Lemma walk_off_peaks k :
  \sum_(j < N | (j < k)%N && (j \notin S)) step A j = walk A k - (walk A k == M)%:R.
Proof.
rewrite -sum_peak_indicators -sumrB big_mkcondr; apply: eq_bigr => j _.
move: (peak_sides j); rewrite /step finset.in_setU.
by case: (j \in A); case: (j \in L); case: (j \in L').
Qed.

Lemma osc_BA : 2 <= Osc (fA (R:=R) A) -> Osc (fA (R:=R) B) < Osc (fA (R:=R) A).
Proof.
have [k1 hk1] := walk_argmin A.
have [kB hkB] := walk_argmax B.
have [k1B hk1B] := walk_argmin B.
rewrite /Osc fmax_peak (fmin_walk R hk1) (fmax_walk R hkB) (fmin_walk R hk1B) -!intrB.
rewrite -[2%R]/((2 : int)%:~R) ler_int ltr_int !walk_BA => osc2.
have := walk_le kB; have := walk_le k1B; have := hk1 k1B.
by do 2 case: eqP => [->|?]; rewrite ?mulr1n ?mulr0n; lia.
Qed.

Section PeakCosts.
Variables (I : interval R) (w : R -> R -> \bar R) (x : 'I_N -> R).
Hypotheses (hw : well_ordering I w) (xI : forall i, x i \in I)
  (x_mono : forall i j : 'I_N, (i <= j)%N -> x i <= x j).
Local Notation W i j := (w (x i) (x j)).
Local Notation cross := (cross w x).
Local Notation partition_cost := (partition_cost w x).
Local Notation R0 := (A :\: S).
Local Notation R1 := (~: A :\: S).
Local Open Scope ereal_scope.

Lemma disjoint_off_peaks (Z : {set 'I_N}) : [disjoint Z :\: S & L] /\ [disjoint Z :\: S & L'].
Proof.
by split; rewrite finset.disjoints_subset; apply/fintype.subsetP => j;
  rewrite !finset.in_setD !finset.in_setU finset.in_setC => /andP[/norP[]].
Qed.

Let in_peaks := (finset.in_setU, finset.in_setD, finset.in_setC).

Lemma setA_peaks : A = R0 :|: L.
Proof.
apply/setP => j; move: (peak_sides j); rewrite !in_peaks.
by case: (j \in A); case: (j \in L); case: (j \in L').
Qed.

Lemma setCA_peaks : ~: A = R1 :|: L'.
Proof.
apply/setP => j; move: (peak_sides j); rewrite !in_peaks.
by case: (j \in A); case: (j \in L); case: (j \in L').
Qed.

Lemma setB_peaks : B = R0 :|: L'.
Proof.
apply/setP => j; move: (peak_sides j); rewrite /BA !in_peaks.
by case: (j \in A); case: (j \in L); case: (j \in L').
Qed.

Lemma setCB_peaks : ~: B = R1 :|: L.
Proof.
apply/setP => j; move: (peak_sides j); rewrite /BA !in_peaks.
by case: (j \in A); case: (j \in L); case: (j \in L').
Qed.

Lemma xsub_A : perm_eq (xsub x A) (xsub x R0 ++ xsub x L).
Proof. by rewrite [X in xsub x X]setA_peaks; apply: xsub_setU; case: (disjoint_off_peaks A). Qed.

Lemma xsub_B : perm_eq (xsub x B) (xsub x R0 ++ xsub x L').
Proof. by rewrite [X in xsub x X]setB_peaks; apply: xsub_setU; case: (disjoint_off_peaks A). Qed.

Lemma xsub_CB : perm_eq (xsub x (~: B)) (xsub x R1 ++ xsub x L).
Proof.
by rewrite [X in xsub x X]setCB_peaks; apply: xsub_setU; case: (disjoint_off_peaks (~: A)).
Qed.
....................
_The task_
Retype only this portion of the data above: the line containing "Lemma osc_BA : 2", the line containing "have := walk_le kB;", and all lines between them, exactly.

_Result for this exercise_
Lemma osc_BA : 2 <= Osc (fA (R:=R) A) -> Osc (fA (R:=R) B) < Osc (fA (R:=R) A).
Proof.
have [k1 hk1] := walk_argmin A.
have [kB hkB] := walk_argmax B.
have [k1B hk1B] := walk_argmin B.
rewrite /Osc fmax_peak (fmin_walk R hk1) (fmax_walk R hkB) (fmin_walk R hk1B) -!intrB.
rewrite -[2%R]/((2 : int)%:~R) ler_int ltr_int !walk_BA => osc2.
have := walk_le kB; have := walk_le k1B; have := hk1 k1B.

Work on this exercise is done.